Sun’s closest solo star may have company
Ars Technica said:From the phenomenal success of the Kepler mission and a proliferation of ground-based telescopes, we now know that planets are common in our galaxy. But the methods we've used to detect most of them are biased toward finding large planets that orbit close to their host stars. The farther a planet is, the less its gravity pulls at the star and the less light it blocks out when it passes between that star and Earth. Meanwhile, the focus has shifted to nearby stars, as astronomers have started building a catalog of targets for the next generation of telescopes.
These issues provide an intriguing backdrop for today's announcement that one of the closest stars to Earth has a super-Earth companion. Barnard's star is a red dwarf that is only six light years from our Solar System; only the three stars of the Centauri system are closer. But the new planet orbits far enough from Barnard's star that it had been missed by earlier attempts. The detailed follow-up that spotted it also hints at the possibility of a separate, more distant planet, and both could help inform our models of planet formation.
A new look
Barnard's star has been observed extensively over the years, partly because it's so close, partly because it's a prototypic example of a red dwarf star. These observations have included exoplanet searches, but nothing about the system stood out. But unless you observe a star regularly, there's a chance you won't happen to be looking at critical points in the planet's orbit.
That seemed to be the case when a team of researchers started checking archival data for Barnard's star images. Their analysis suggested there might be a signal of something orbiting with a 230 day period, but the data suffered from what the researchers term "very poor sampling." So they obtained time on some telescopes to do an extensive monitoring campaign in 2016 and 2017, including simultaneous observations with more than one instrument.
The team was looking for signs that Barnard's star was shifting back and forth due to the gravitational pull of a planet, a planet-hunting approach called the radial velocity method. This would create slight changes in the color of the light from Earth's perspective due to the Doppler effect. If a planet produced these changes, then they would appear regularly with each of the planet's orbits.

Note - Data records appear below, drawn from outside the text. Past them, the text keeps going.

(* Let $n\ge 2$, $t\ge 2$, let $V$ be a $2n$-dimensional $\mathbb{F}_{q^t}$-vector space with $V=U_1\oplus U_2$, $\dim U_1=\dim U_2=n$, and put $T_1=PG(U_1,\mathbb{F}_{q^t})$, $T_2=PG(U_2,\mathbb{F}_{q^t})$ (two disjoint $(n-1)$-dimensional subspaces of $\Lambda=PG(V,\mathbb{F}_{q^t})=PG(2n-1,q^t)$). Let $f:U_1\to U_2$ be an invertible semilinear map with companion automorphism $\sigma\in\mathrm{Aut}(\mathbb{F}_{q^t})$ such that $\mathrm{Fix}(\sigma)=\mathbb{F}_q$, and let $\Phi_f:T_1\to T_2$ be the induced collineation, $\langle\mathbf u\rangle_{q^t}\mapsto\langle f(\mathbf u)\rangle_{q^t}$. Then for every $\rho\in\mathbb{F}_{q^t}^*$ the set $$L_{\rho,f}=\{\langle \mathbf u+\rho f(\mathbf u)\rangle_{q^t}:\mathbf u\in U_1\setminus\{\mathbf 0\}\},$$ which is the $\mathbb{F}_q$-linear set defined by the $\mathbb{F}_q$-subspace $W_{\rho,f}=\{\mathbf u+\rho f(\mathbf u):\mathbf u\in U_1\}$ (of $\mathbb{F}_q$-dimension $tn$), is an $\mathbb{F}_q$-linear set of $\Lambda$ of pseudoregulus type, whose associated pseudoregulus is $\{\langle P,P^{\Phi_f}\rangle_{q^t}:P\in T_1\}$ and whose transversal spaces are $T_1$ and $T_2$.
   Context: A map $f:U_1\to U_2$ between $\mathbb{F}_{q^t}$-spaces is semilinear with companion automorphism $\sigma$ if it is additive and $f(\lambda\mathbf u)=\lambda^\sigma f(\mathbf u)$ for all $\lambda\in\mathbb{F}_{q^t}$. For an $\mathbb{F}_q$-subspace $U$ of $V$, $L_U=\{\langle \mathbf u\rangle_{q^t}:\mathbf u\in U\setminus\{\mathbf 0\}\}$ is the $\mathbb{F}_q$-linear set defined by $U$, of rank $\dim_{\mathbb{F}_q}U$; the weight of a subspace $PG(W,\mathbb{F}_{q^t})$ in $L_U$ is $\dim_{\mathbb{F}_q}(W\cap U)$; $L_U$ is scattered if every point has weight 1. Definition (pseudoregulus type): for integers $t,n\ge 2$, a scattered $\mathbb{F}_q$-linear set $L=L_U$ of $\Lambda=PG(2n-1,q^t)$ of rank $tn$ is of pseudoregulus type if (i) there exist $m=(q^{nt}-1)/(q^t-1)$ pairwise disjoint lines $s_1,\dots,s_m$ of $\Lambda$ each having weight $t$ in $L$, and (ii) there exist exactly two $(n-1)$-dimensional subspaces $T_1,T_2$ of $\Lambda$ disjoint from $L$ such that $T_j\cap s_i\neq\emptyset$ for all $i,j$. The set $\{s_1,\dots,s_m\}$ is called the pseudoregulus associated with $L$, and $T_1,T_2$ its transversal spaces. *)

From HB Require Import structures.
From mathcomp Require Import all_boot all_order all_algebra all_field.
Unset Printing Implicit Defensive.
Import GRing.Theory.
Local Open Scope ring_scope.

Section Defs.
Context {L : finFieldType} {N : nat}.
Local Notation V := 'rV[L]_N.

Definition Fq (q : nat) : {set L} := [set x : L | x ^+ q == x].

Definition Fq_comb (q : nat) (s : seq V) (v : V) : Prop :=
  exists c : seq L, [/\ size c = size s, all (fun x => x \in Fq q) c &
    v = \sum_(i < size s) c`_i *: s`_i].

Definition Fq_free (q : nat) (s : seq V) : Prop :=
  forall c : seq L, size c = size s -> all (fun x => x \in Fq q) c ->
    \sum_(i < size s) c`_i *: s`_i = 0 -> forall i, c`_i = 0.

Definition Fq_dim (q : nat) (S : {set V}) (d : nat) : Prop :=
  exists s : seq V, [/\ size s = d, all (fun v => v \in S) s, Fq_free q s &
    forall v, v \in S <-> Fq_comb q s v].

Definition vset (W : {vspace V}) : {set V} := [set v : V | v \in W].

Definition weight (q : nat) (U : {set V}) (W : {vspace V}) (w : nat) : Prop :=
  Fq_dim q (U :&: vset W) w.

Definition scattered (q : nat) (U : {set V}) : Prop :=
  forall u, u \in U -> u != 0 -> weight q U <[u]>%VS 1.

Definition disjoint_from_LU (U : {set V}) (T : {vspace V}) : Prop :=
  forall u, u \in U -> u != 0 -> ~~ (<[u]> <= T)%VS.

Definition pr_size (q t n : nat) : nat := ((q ^ (n * t) - 1) %/ (q ^ t - 1))%N.

Definition is_pseudoregulus (q t n : nat) (U : {set V})
    (s : 'I_(pr_size q t n) -> {vspace V}) (T1 T2 : {vspace V}) : Prop :=
  [/\ forall i, \dim (s i) = 2%N,
      forall i j, i != j -> (s i :&: s j)%VS = 0%VS,
      forall i, weight q U (s i) t,
      T1 != T2 &
      forall T : {vspace V},
        (\dim T = n /\ disjoint_from_LU U T /\ forall i, (T :&: s i)%VS != 0%VS)
        <-> (T = T1 \/ T = T2)].

Definition pseudoregulus_type (q t n : nat) (U : {set V}) : Prop :=
  [/\ Fq_dim q U (t * n)%N, scattered q U &
      exists s T1 T2, is_pseudoregulus q t n U s T1 T2].

End Defs.

From HB Require Import structures.
From mathcomp Require Import all_boot all_order all_algebra all_field.
From mathcomp Require Import zify.
From Stdlib Require Import Classical.
Import GRing.Theory.
Local Open Scope ring_scope.

(* The map gamma : u |-> u + rho f(u) then carries an F_q-basis of
   U1 (resp. of <u>) onto one of W (resp. of W meeting the line <u, f(u)>),
   giving rank tn and weight t; a point of W on <gamma u> is a sigma-fixed
   multiple of gamma u, giving scatteredness.  The lines <u, f(u)> are
   indexed by the points of PG(U1), counted by partitioning U1 \ {0} into
   classes of #|L| - 1 proportional vectors.  Finally an n-space T meeting
   all these lines is U1 or U2: if T misses U2 (resp. U1), T meets each line
   in u + c_u f(u) (resp. f(u) + d_u u), and linearity of T against the
   semilinearity of f forces c_u = 0 (resp. d_u = 0) because sigma is not the
   identity; T meeting both U1 and U2 is impossible by a dimension count. *)

Lemma vline_scale (L : fieldType) (V : vectType L) (k : L) (x : V) :
  k != 0 -> <[k *: x]>%VS = <[x]>%VS.
Proof.
move=> k0; apply/eqP; rewrite eqEdim !dim_vline scaler_eq0 (negbTE k0) leqnn andbT.
by rewrite -memvE memvZ // memv_line.
Qed.

Lemma vline_eqP (L : fieldType) (V : vectType L) (x y : V) : x != 0 -> y != 0 ->
  reflect (exists2 k, k != 0 & y = k *: x) (<[x]>%VS == <[y]>%VS).
Proof.
move=> x0 y0; apply: (iffP eqP) => [eq_xy | [k k0 ->]]; last by rewrite vline_scale.
have /vlineP [k y_eq] : y \in <[x]>%VS by rewrite eq_xy memv_line.
by exists k => //; apply: contraNneq y0 => k0; rewrite y_eq k0 scale0r.
Qed.
Arguments vline_eqP {L V x y}.

Lemma coord2_uniq (L : fieldType) (V : vectType L) (u v : V) (a b a' b' : L) :
  u != 0 -> v \notin <[u]>%VS -> a *: u + b *: v = a' *: u + b' *: v ->
  a = a' /\ b = b'.
Proof.
move=> u0 v_notin eq_ab.
have sum0 : (a - a') *: u + (b - b') *: v = 0.
  by rewrite !scalerBl addrACA -opprD eq_ab subrr.
have eq_b : b - b' = 0.
  apply/eqP; apply: contraNT v_notin => b_neq; apply/vlineP.
  exists (- ((a - a') / (b - b'))); apply: (scalerI b_neq).
  rewrite scalerA mulrN [(b - b') * _]mulrC divfK // scaleNr.
  by apply/eqP; rewrite -addr_eq0 addrC sum0.
move: sum0; rewrite eq_b scale0r addr0 => /eqP; rewrite scaler_eq0 (negbTE u0) orbF.
by move=> /eqP /subr0_eq ->; move/subr0_eq: eq_b ->.
Qed.
Arguments coord2_uniq {L V u v a b a' b'}.

Lemma off_line_neq0 (L : fieldType) (V : vectType L) (u v : V) (k : L) :
  u != 0 -> v \notin <[u]>%VS -> u + k *: v != 0.
Proof.
move=> u0 v_notin; apply/eqP => sum0.
have [] := coord2_uniq (a := 1) (b := k) (a' := 0) (b' := 0) u0 v_notin.
  by rewrite scale1r sum0 !scale0r addr0.
by move=> /eqP; rewrite oner_eq0.
Qed.
Arguments off_line_neq0 {L V u v} k.

Lemma directv_add_uniq (L : fieldType) (V : vectType L) (U1 U2 : {vspace V})
    (a1 a2 b1 b2 : V) :
  directv (U1 + U2) -> a1 \in U1 -> b1 \in U1 -> a2 \in U2 -> b2 \in U2 ->
  a1 + a2 = b1 + b2 -> a1 = b1 /\ a2 = b2.
Proof.
move=> /directv_addP capU a1U b1U a2U b2U eq_ab.
have : a1 - b1 \in (U1 :&: U2)%VS.
  rewrite memv_cap (memvB a1U b1U) /=.
  have -> : a1 - b1 = b2 - a2.
    by rewrite -[a1](addrK a2) eq_ab addrAC [b1 + b2]addrC addrK.
  exact: memvB.
rewrite capU memv0 subr_eq0 => /eqP eq_a1; split => //.
by move: eq_ab; rewrite eq_a1 => /addrI.
Qed.
Arguments directv_add_uniq {L V U1 U2 a1 a2 b1 b2}.

Lemma cap0_translate (L : fieldType) (V : vectType L) (T X : {vspace V})
    (x y y' : V) :
  (T :&: X = 0)%VS -> x + y \in T -> x + y' \in T -> y \in X -> y' \in X ->
  y = y'.
Proof.
move=> capTX yT y'T yX y'X; apply/eqP; rewrite -subr_eq0 -memv0 -capTX memv_cap.
apply/andP; split; last exact: memvB.
have -> : y - y' = (x + y) - (x + y') by rewrite opprD addrACA subrr add0r.
exact: memvB.
Qed.
Arguments cap0_translate {L V T X x y y'}.
Lemma wit_rows_true t : vals t -> forall c, rows t c.
Proof.
by move=> vt c; move: (wit_SomeP (wit_rows t)); rewrite vt => ->; rewrite ffunE.
Qed.

Lemma wit_rows_false t : ~~ vals t -> exists a, forall c, rows t c = (c == a).
Proof.
move=> /negbTE vt; move: (wit_SomeP (wit_rows t)); rewrite vt => -[a ->].
by exists a => c; rewrite ffunE.
Qed.

Lemma wit_rows_all_true t : (forall c, rows t c) -> vals t.
Proof.
move=> rt; apply: contraT => /wit_rows_false [a ra].
have [c ca] := ord_exists_neq a.
by move: (rt c); rewrite ra (negbTE ca).
Qed.

(* With at most two zeros, [vals] is itself a column: pick a column avoiding the
   positions of the 1s in the (unit) rows where [vals] vanishes. *)
Lemma wit_vals_in_rel (R : (I -> bool) -> Prop) t1 t2 :
  (forall c, R (fun t => rows t c)) -> (forall t, ~~ vals t -> t = t1 \/ t = t2) ->
  R vals.
Proof.
move=> Rcols zeros.
have unit_row t : exists a, ~~ vals t -> forall c, rows t c = (c == a).
  by case: (boolP (vals t)) => [_|/wit_rows_false [a ra]]; [exists ord0|exists a].
have [a1 r1] := unit_row t1; have [a2 r2] := unit_row t2.
have [c] : exists c, c \notin [:: a1; a2] by apply: exists_notin; rewrite card_ord.
rewrite !inE negb_or => /andP[ca1 ca2].
suff -> : vals = fun t => rows t c by [].
apply: funext => t; case vt: (vals t); first by rewrite (wit_rows_true vt).
case: (zeros t (negbT vt)) => ?; subst t.
  by rewrite r1 ?vt ?(negbTE ca1).
by rewrite r2 ?vt ?(negbTE ca2).
Qed.

End WitRows.

Lemma wit_le k : preserves (wit k) rel_le.
Proof.
move=> rows Rrows vals wit_rows.
case v0: (vals false); case v1: (vals true); try by rewrite /rel_le v0 v1.
apply: (wit_vals_in_rel wit_rows Rrows (t1 := true) (t2 := true)).
by case; rewrite ?v0; auto.
Qed.

Lemma wit_meet k : preserves (wit k) rel_meet.
Proof.
move=> rows Rrows vals wit_rows.
case v0: (vals I0); case v1: (vals I1); case v2: (vals I2);
  try by rewrite /rel_meet v0 v1 v2.
- apply: (wit_vals_in_rel wit_rows Rrows (t1 := I2) (t2 := I2)).
  by case; rewrite ?v0 ?v1; auto.
- apply: (wit_vals_in_rel wit_rows Rrows (t1 := I1) (t2 := I1)).
  by case; rewrite ?v0 ?v2; auto.
- apply: (wit_vals_in_rel wit_rows Rrows (t1 := I0) (t2 := I0)).
  by case; rewrite ?v1 ?v2; auto.
Qed.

Analysis of Barnard's star suggested it rotated about every 140 days (this can also cause changes, as more or less active regions of the star rotate in and out of view). But a variety of analysis methods suggested that there was an additional signal at 233 days, with a false alarm probability of only one in 10-15. (There was one approach that suggested the signal wasn't real, but that analysis is known to produce false negative results.) The strength of the signal also increased as new observations were added, reinforcing indications that it's real.
...